Exercise description: Would you please return the lines of the entries below starting at the line that has "Lemma fps_ext (a" and ending at the line that has "Lemma eq_upto_all a", both included, exactly as they are?

The input Block Start

Lemma prod_1DXodd_qpoch q k :
  \prod_(j < k) (1 + q ^+ (2 * j + 1)) * qpoch q (k + k) * qpoch (q ^+ 4) k =
  qpoch (q ^+ 2) k * qpoch (q ^+ 2) (k + k).
Proof.
elim: k => [|k IH]; first by rewrite big_ord0 !qpoch0 !mulr1.
rewrite addSn addnS !qpochS big_ord_recr /= -!exprM.
set t := q ^+ (2 * k + 1).
have -> : q ^+ (4 * k.+1) = t * t * q ^+ 2 by rewrite /t -!exprD; congr (q ^+ _); lia.
have -> : q ^+ (2 * k.+1) = t * q by rewrite /t -exprSr; congr (q ^+ _); lia.
have -> : q ^+ (2 * (k + k).+1) = t * t by rewrite /t -!exprD; congr (q ^+ _); lia.
have -> : q ^+ (2 * (k + k).+2) = t * t * q ^+ 2 by rewrite /t -!exprD; congr (q ^+ _); lia.
have -> : q ^+ (k + k).+2 = t * q by rewrite /t -exprSr; congr (q ^+ _); lia.
have -> : q ^+ (k + k).+1 = t by rewrite /t; congr (q ^+ _); lia.
move: IH; set A := \prod_(j < k) _; set B := qpoch q (k + k); set C := qpoch (q ^+ 4) k.
set D := qpoch (q ^+ 2) k; set E := qpoch (q ^+ 2) (k + k) => IH.
transitivity ((A * B * C) * ((1 + t) * (1 - t) * (1 - t * q) * (1 - t * t * q ^+ 2))).
  by ring.
by rewrite IH; ring.
Qed.

End QBinomial.

(** * The ring of formal power series *)

HB.instance Definition _ := gen_eqMixin fps.
HB.instance Definition _ := gen_choiceMixin fps.

Lemma fps_ext (a b : fps) : (forall n, a n = b n) -> a = b.
Proof. exact: funext. Qed.

Definition fps_zero : fps := fun _ => 0.
Definition fps_opp (a : fps) : fps := fun n => - a n.

Lemma fps_addA : associative fps_add.
Proof. by move=> a b c; apply: fps_ext => n; rewrite /fps_add addrA. Qed.
Lemma fps_addC : commutative fps_add.
Proof. by move=> a b; apply: fps_ext => n; rewrite /fps_add addrC. Qed.
Lemma fps_add0 : left_id fps_zero fps_add.
Proof. by move=> a; apply: fps_ext => n; rewrite /fps_add add0r. Qed.
Lemma fps_addN : left_inverse fps_zero fps_opp fps_add.
Proof. by move=> a; apply: fps_ext => n; rewrite /fps_add addNr. Qed.

HB.instance Definition _ :=
  GRing.isZmodule.Build fps fps_addA fps_addC fps_add0 fps_addN.

Definition eq_upto (N : nat) (a b : fps) := forall i, (i < N)%N -> a i = b i.

Lemma eq_upto_refl N a : eq_upto N a a. Proof. by []. Qed.
Arguments eq_upto_refl : clear implicits.
Lemma eq_upto_sym N a b : eq_upto N a b -> eq_upto N b a.
Proof. by move=> h i iN; rewrite h. Qed.
Lemma eq_upto_trans N a b c : eq_upto N a b -> eq_upto N b c -> eq_upto N a c.
Proof. by move=> h1 h2 i iN; rewrite h1 ?h2. Qed.
Lemma eq_upto_le M N a b : (M <= N)%N -> eq_upto N a b -> eq_upto M a b.
Proof. by move=> le_MN h i iM; apply/h/(leq_trans iM). Qed.
Lemma eq_upto_all a b : (forall N, eq_upto N a b) -> a = b.
Proof. by move=> h; apply: fps_ext => n; apply: (h n.+1). Qed.

Lemma eq_upto_fps_mul N a a' b b' : eq_upto N a a' -> eq_upto N b b' ->
  eq_upto N (fps_mul a b) (fps_mul a' b').
Proof.
move=> ha hb i iN; apply: eq_bigr => j _.
rewrite ha ?hb //; last exact: leq_ltn_trans (ltnSE (ltn_ord j)) iN.
exact: leq_ltn_trans (leq_subr _ _) iN.
Qed.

The input Block End

Written answer:
Lemma fps_ext (a b : fps) : (forall n, a n = b n) -> a = b.
Proof. exact: funext. Qed.

Definition fps_zero : fps := fun _ => 0.
Definition fps_opp (a : fps) : fps := fun n => - a n.

Lemma fps_addA : associative fps_add.
Proof. by move=> a b c; apply: fps_ext => n; rewrite /fps_add addrA. Qed.
Lemma fps_addC : commutative fps_add.
Proof. by move=> a b; apply: fps_ext => n; rewrite /fps_add addrC. Qed.
Lemma fps_add0 : left_id fps_zero fps_add.
Proof. by move=> a; apply: fps_ext => n; rewrite /fps_add add0r. Qed.
Lemma fps_addN : left_inverse fps_zero fps_opp fps_add.
Proof. by move=> a; apply: fps_ext => n; rewrite /fps_add addNr. Qed.

HB.instance Definition _ :=
  GRing.isZmodule.Build fps fps_addA fps_addC fps_add0 fps_addN.

Definition eq_upto (N : nat) (a b : fps) := forall i, (i < N)%N -> a i = b i.

Lemma eq_upto_refl N a : eq_upto N a a. Proof. by []. Qed.
Arguments eq_upto_refl : clear implicits.
Lemma eq_upto_sym N a b : eq_upto N a b -> eq_upto N b a.
Proof. by move=> h i iN; rewrite h. Qed.
Lemma eq_upto_trans N a b c : eq_upto N a b -> eq_upto N b c -> eq_upto N a c.
Proof. by move=> h1 h2 i iN; rewrite h1 ?h2. Qed.
Lemma eq_upto_le M N a b : (M <= N)%N -> eq_upto N a b -> eq_upto M a b.
Proof. by move=> le_MN h i iM; apply/h/(leq_trans iM). Qed.
Lemma eq_upto_all a b : (forall N, eq_upto N a b) -> a = b.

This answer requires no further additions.